=== Stored data entries ===
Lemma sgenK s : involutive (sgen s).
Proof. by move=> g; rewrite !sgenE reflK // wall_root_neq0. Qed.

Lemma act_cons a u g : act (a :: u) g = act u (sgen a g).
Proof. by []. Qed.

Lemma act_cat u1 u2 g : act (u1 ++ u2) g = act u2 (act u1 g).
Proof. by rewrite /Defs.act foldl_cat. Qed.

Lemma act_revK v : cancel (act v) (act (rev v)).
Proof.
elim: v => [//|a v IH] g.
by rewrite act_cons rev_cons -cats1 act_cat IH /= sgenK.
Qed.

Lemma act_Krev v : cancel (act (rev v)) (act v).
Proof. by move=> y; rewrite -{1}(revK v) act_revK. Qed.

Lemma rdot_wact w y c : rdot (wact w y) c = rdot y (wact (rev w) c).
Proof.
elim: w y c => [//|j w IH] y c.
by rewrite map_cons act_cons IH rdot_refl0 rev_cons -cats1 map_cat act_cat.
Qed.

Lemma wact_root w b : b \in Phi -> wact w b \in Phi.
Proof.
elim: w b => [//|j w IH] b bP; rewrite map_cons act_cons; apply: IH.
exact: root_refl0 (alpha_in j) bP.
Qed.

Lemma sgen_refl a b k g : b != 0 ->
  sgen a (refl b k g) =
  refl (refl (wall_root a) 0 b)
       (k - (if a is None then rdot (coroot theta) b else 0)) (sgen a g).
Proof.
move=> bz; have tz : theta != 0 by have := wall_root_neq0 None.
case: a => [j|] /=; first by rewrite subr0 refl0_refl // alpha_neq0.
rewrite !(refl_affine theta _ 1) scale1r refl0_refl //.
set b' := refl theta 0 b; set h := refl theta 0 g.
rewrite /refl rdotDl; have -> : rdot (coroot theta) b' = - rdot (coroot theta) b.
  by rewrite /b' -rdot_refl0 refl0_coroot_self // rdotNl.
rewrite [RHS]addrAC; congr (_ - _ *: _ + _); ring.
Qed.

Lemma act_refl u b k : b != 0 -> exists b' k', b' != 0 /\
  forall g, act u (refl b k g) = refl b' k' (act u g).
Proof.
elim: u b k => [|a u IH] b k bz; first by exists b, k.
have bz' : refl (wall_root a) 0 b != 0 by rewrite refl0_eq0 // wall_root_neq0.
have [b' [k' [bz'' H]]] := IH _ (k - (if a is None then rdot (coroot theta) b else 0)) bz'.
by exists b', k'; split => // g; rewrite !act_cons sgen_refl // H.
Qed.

---

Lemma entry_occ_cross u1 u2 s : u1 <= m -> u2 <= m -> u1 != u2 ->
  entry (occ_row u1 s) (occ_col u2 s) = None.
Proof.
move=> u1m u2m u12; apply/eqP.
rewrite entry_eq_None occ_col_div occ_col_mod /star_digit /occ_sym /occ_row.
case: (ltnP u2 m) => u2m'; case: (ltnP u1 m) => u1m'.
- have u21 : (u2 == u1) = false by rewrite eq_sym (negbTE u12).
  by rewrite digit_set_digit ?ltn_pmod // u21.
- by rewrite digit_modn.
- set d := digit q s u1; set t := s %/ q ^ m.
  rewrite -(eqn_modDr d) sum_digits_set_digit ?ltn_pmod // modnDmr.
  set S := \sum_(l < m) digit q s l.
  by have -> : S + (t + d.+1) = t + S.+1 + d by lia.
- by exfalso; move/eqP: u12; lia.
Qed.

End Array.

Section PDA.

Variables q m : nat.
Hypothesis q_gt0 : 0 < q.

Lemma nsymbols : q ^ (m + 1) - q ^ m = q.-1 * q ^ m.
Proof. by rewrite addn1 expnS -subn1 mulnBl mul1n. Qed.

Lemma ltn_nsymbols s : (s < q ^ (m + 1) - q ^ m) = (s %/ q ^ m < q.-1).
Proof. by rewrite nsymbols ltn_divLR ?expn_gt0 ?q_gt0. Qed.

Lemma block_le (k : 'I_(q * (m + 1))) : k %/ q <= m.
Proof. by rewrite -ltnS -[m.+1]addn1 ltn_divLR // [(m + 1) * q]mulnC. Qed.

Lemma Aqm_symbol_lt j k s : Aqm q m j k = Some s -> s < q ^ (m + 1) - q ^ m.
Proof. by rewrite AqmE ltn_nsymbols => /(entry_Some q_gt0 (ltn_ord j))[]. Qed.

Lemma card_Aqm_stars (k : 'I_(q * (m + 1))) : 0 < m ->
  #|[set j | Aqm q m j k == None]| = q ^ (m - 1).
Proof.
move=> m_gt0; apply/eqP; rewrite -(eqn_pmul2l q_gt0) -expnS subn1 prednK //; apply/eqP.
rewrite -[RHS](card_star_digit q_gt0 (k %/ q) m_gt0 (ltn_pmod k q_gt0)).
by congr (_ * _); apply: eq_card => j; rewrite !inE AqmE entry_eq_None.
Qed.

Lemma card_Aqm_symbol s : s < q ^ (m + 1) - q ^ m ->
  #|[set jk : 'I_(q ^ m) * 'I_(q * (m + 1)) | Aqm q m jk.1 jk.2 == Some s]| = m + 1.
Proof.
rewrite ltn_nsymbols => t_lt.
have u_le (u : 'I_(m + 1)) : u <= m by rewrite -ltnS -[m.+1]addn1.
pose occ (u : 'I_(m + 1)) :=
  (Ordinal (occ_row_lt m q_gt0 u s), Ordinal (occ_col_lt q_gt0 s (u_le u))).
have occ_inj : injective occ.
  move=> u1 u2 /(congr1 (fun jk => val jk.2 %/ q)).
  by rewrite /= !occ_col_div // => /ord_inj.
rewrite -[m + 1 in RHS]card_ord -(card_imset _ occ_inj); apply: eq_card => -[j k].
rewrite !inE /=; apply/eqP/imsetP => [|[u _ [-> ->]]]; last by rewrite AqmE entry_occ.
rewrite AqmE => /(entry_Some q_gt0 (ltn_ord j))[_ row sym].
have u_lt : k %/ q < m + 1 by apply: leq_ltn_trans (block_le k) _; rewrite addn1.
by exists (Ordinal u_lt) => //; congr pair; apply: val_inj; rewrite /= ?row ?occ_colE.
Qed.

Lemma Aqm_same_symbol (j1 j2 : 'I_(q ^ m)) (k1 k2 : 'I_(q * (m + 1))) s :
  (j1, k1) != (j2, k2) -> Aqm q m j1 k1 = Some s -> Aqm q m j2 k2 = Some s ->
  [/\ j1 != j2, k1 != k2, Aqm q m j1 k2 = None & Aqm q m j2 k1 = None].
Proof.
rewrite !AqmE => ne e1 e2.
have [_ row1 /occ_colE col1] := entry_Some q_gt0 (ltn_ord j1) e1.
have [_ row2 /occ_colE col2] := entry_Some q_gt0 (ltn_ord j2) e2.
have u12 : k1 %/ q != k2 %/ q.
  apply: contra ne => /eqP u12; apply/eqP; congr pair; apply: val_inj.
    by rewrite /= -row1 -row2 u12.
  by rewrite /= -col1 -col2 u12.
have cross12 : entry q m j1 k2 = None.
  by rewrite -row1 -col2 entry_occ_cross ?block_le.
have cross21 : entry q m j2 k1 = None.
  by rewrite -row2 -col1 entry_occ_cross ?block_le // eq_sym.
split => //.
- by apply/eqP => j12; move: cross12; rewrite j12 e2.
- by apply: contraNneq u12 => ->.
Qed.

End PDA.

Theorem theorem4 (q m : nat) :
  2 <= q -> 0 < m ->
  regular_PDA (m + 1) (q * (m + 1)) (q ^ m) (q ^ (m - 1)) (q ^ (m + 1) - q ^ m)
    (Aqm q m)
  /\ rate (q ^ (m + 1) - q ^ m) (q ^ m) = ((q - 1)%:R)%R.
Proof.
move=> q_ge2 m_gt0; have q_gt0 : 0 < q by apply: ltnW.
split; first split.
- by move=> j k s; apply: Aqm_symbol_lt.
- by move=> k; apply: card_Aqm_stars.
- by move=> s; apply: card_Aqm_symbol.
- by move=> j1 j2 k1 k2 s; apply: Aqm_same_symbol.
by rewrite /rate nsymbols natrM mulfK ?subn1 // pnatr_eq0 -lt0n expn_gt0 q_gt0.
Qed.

---

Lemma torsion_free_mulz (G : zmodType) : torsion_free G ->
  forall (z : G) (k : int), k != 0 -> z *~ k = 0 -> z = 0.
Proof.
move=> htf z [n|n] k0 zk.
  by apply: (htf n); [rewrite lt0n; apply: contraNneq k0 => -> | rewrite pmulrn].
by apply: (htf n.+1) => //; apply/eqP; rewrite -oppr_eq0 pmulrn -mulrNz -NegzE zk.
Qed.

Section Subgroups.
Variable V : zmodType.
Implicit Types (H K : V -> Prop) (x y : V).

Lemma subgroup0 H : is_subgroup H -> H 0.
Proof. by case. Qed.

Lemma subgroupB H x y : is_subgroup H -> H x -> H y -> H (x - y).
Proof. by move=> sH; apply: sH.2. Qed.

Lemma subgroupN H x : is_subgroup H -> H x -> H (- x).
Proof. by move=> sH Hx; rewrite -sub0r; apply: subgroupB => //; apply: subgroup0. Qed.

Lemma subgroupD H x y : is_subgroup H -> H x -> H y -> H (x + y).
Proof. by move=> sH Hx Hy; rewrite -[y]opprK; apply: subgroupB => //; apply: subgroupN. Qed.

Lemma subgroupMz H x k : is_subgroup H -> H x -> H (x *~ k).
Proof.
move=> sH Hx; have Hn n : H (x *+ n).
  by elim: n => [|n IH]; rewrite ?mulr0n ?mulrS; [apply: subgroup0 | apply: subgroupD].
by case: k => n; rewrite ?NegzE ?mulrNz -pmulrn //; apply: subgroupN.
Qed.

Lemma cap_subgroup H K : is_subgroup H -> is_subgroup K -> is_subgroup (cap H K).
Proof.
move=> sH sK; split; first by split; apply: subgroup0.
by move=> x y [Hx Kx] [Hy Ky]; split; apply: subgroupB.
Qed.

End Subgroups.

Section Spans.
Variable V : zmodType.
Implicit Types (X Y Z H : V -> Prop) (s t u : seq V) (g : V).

=== WORK REQUEST ===
For this exercise, return every line from the data that holds the string "then".

=== ANSWER SPACE ===
       (k - (if a is None then rdot (coroot theta) b else 0)) (sgen a g).
have [b' [k' [bz'' H]]] := IH _ (k - (if a is None then rdot (coroot theta) b else 0)) bz'.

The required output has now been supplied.